Assigned task:
Please give back word for word the lines below, from the first one through the one with "have [t0 vt0] := valid_min_exists.".

Exercise material:
Lemma value_sink x : kind x = Sink -> value s t x = sinkval x.
Proof.
move=> Ex; rewrite /value (_ : (fun n => u n x) = fun=> sinkval x) ?lim_cst //.
apply: funext; elim=> [|n IH]; first by rewrite /nstep_value /= /payoff Ex.
by rewrite /nstep_value iterS stepE Ex.
Qed.

End Value.

Lemma valid_max_arc (s : strategy H) x : valid_max s -> kind x = Max -> garc x (s x).
Proof. by move=> /forallP/(_ x) + Ex; rewrite Ex. Qed.

Lemma valid_min_arc (t : strategy H) x : valid_min t -> kind x = Min -> garc x (t x).
Proof. by move=> /forallP/(_ x) + Ex; rewrite Ex. Qed.

Lemma valid_min_exists : exists t : strategy H, valid_min t.
Proof.
exists [ffun x => odflt x [pick y | garc x y]].
apply/forallP => x; case Ex: (kind x) => //; rewrite ffunE.
case: pickP => [y //|no_arc].
by have [y xy] := min_arc Hs Ex; have := no_arc y; rewrite xy.
Qed.

Definition merge_response (s t1 t2 : strategy H) : strategy H :=
  [ffun x => if value s t2 x < value s t1 x then t2 x else t1 x].

Lemma valid_merge_response (s t1 t2 : strategy H) :
  valid_min t1 -> valid_min t2 -> valid_min (merge_response s t1 t2).
Proof.
move=> /forallP v1 /forallP v2; apply/forallP => x; move: (v1 x) (v2 x).
by rewrite ffunE; case: (kind x) => //; case: ifP.
Qed.

Lemma value_merge_response (s t1 t2 : strategy H) x :
  value s (merge_response s t1 t2) x <= (value s t1 \min value s t2) x.
Proof.
apply: value_le => {x} [x|x] /=; first by rewrite le_min !payoff_le_value.
rewrite stepE /=; case Ex: (kind x).
- by rewrite [value s t1 x]valueE [value s t2 x]valueE Ex.
- rewrite /merge_response ffunE; case: ltP => _.
  + by rewrite [value s t2 x]valueE Ex ge_min lexx orbT.
  + by rewrite [value s t1 x]valueE Ex ge_min lexx.
- rewrite [value s t1 x]valueE [value s t2 x]valueE Ex le_min.
  by apply/andP; split; apply: ler_sum => y _;
    rewrite ler_wpM2l ?(prob_ge0 Hs) ?ge_min ?lexx ?orbT.
- exact: lexx.
Qed.

Lemma best_response_exists (s : strategy H) : exists t, best_response s t.
Proof.
(* A minimiser of the total value is a best response: otherwise merging it with
   a better response would decrease the total. *)
have [t0 vt0] := valid_min_exists.
pose total t := \sum_x value s t x.
have [t vt t_min] := @arg_minP _ _ _ t0 (@valid_min _ H) total vt0.
exists t; rewrite /best_response vt /=.
apply/forallP => t2; apply/implyP => vt2; apply/forallP => x.
rewrite leNgt; apply/negP => lt2.
have := t_min _ (valid_merge_response s vt vt2); rewrite leNgt => /negP; apply.
rewrite /total (bigD1 x) //= [X in _ < X](bigD1 x) //=; apply: ltr_leD.
  by apply: le_lt_trans (value_merge_response s t t2 x) _; rewrite gt_min lt2 orbT.
apply: ler_sum => y _; apply: le_trans (value_merge_response s t t2 y) _.
by rewrite ge_min lexx.
Qed.

Lemma vsig_value (s : strategy H) : exists2 t, best_response s t & forall x, vsig s x = value s t x.
Proof.
have [t0 bt0] := best_response_exists s.
rewrite /vsig; case: pickP => [t bt | none]; first by exists t.
by have := none t0; rewrite bt0.
Qed.

Definition excessive_at (s : strategy H) (f : V -> R) (x : V) : Prop :=
  match kind x with
  | Max => f (s x) <= f x
  | Min => exists2 y, garc x y & f y <= f x
  | Rand => \sum_y prob x y * f y <= f x
  | Sink => True
  end.

Lemma excessive_at_le (s : strategy H) f g x : (forall y, f y <= g y) -> g x <= f x ->
  excessive_at s g x -> excessive_at s f x.
Proof.
move=> fg gf; rewrite /excessive_at; case Ex: (kind x) => //.
- by move=> gs; apply: le_trans (fg _) (le_trans gs gf).
- by case=> y xy gy; exists y => //; apply: le_trans (fg _) (le_trans gy gf).
- move=> gp; apply: le_trans gf; apply: le_trans gp.
  by apply: ler_sum => y _; rewrite ler_wpM2l ?(prob_ge0 Hs).
Qed.

Section Vsig.
Variable s : strategy H.

Lemma payoff_le_vsig x : payoff x <= vsig s x.
Proof. by have [t _ ->] := vsig_value s; exact: payoff_le_value. Qed.

Lemma vsig_ge0 x : 0 <= vsig s x.
Proof. by have [t _ ->] := vsig_value s; exact: value_ge0. Qed.

Lemma vsig_le1 x : vsig s x <= 1.
Proof. by have [t _ ->] := vsig_value s; exact: value_le1. Qed.

Lemma vsig_sink x : kind x = Sink -> vsig s x = sinkval x.
Proof. by have [t _ ->] := vsig_value s; exact: value_sink. Qed.

Lemma vsig_excessive x : excessive_at s (vsig s) x.
Proof.
have [t bt vt] := vsig_value s; rewrite /excessive_at !vt (valueE s t x).
case Ex: (kind x) => //.
- by exists (t x); [exact: valid_min_arc (proj1 (andP bt)) Ex|rewrite vt].
- by apply: ler_sum => y _; rewrite vt.
Qed.

Lemma vsig_le f : (forall x, payoff x <= f x) -> (forall x, excessive_at s f x) ->
  forall x, vsig s x <= f x.
Proof.
move=> pf ef x; have [t /andP[_ /forallP t_best] ->] := vsig_value s.
pose tf : strategy H := [ffun y => odflt y [pick z | garc y z && (f z <= f y)]].
have vtf : valid_min tf.
  apply/forallP => y; case Ey: (kind y) => //; rewrite ffunE.
  case: pickP => [z /andP[] //|none].
  by have := ef y; rewrite /excessive_at Ey => -[z yz fz]; have := none z; rewrite yz fz.
apply: le_trans (_ : value s tf x <= f x).
  by move: (t_best tf); rewrite vtf => /forallP.
apply: value_le => // y; have := ef y; rewrite stepE /excessive_at.
case: (kind y) => // _; rewrite ffunE.
by case: pickP => [z /andP[] //|_]; exact: lexx.
Qed.

Lemma vsig_le_local f : (forall x, payoff x <= f x) ->
  (forall x, f x < vsig s x -> excessive_at s (vsig s \min f) x) ->
  forall x, vsig s x <= f x.
Proof.
move=> pf ef x; suff : vsig s x <= (vsig s \min f) x by rewrite le_min => /andP[].
apply: vsig_le => {x} [x|x]; first by rewrite le_min payoff_le_vsig pf.
case: (leP (vsig s x) (f x)) => [le_vf|]; last exact: ef.
apply: excessive_at_le (vsig_excessive x) => [y|]; first by rewrite ge_min lexx.
by rewrite le_min lexx le_vf.
Qed.

End Vsig.

Definition max_stable (s : strategy H) : Prop :=
  forall x y, kind x = Max -> garc x y -> vsig s y <= vsig s x.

Answer to the exercise:
Lemma value_sink x : kind x = Sink -> value s t x = sinkval x.
Proof.
move=> Ex; rewrite /value (_ : (fun n => u n x) = fun=> sinkval x) ?lim_cst //.
apply: funext; elim=> [|n IH]; first by rewrite /nstep_value /= /payoff Ex.
by rewrite /nstep_value iterS stepE Ex.
Qed.

End Value.

Lemma valid_max_arc (s : strategy H) x : valid_max s -> kind x = Max -> garc x (s x).
Proof. by move=> /forallP/(_ x) + Ex; rewrite Ex. Qed.

Lemma valid_min_arc (t : strategy H) x : valid_min t -> kind x = Min -> garc x (t x).
Proof. by move=> /forallP/(_ x) + Ex; rewrite Ex. Qed.

Lemma valid_min_exists : exists t : strategy H, valid_min t.
Proof.
exists [ffun x => odflt x [pick y | garc x y]].
apply/forallP => x; case Ex: (kind x) => //; rewrite ffunE.
case: pickP => [y //|no_arc].
by have [y xy] := min_arc Hs Ex; have := no_arc y; rewrite xy.
Qed.

Definition merge_response (s t1 t2 : strategy H) : strategy H :=
  [ffun x => if value s t2 x < value s t1 x then t2 x else t1 x].

Lemma valid_merge_response (s t1 t2 : strategy H) :
  valid_min t1 -> valid_min t2 -> valid_min (merge_response s t1 t2).
Proof.
move=> /forallP v1 /forallP v2; apply/forallP => x; move: (v1 x) (v2 x).
by rewrite ffunE; case: (kind x) => //; case: ifP.
Qed.

Lemma value_merge_response (s t1 t2 : strategy H) x :
  value s (merge_response s t1 t2) x <= (value s t1 \min value s t2) x.
Proof.
apply: value_le => {x} [x|x] /=; first by rewrite le_min !payoff_le_value.
rewrite stepE /=; case Ex: (kind x).
- by rewrite [value s t1 x]valueE [value s t2 x]valueE Ex.
- rewrite /merge_response ffunE; case: ltP => _.
  + by rewrite [value s t2 x]valueE Ex ge_min lexx orbT.
  + by rewrite [value s t1 x]valueE Ex ge_min lexx.
- rewrite [value s t1 x]valueE [value s t2 x]valueE Ex le_min.
  by apply/andP; split; apply: ler_sum => y _;
    rewrite ler_wpM2l ?(prob_ge0 Hs) ?ge_min ?lexx ?orbT.
- exact: lexx.
Qed.

Lemma best_response_exists (s : strategy H) : exists t, best_response s t.
Proof.
(* A minimiser of the total value is a best response: otherwise merging it with
   a better response would decrease the total. *)
have [t0 vt0] := valid_min_exists.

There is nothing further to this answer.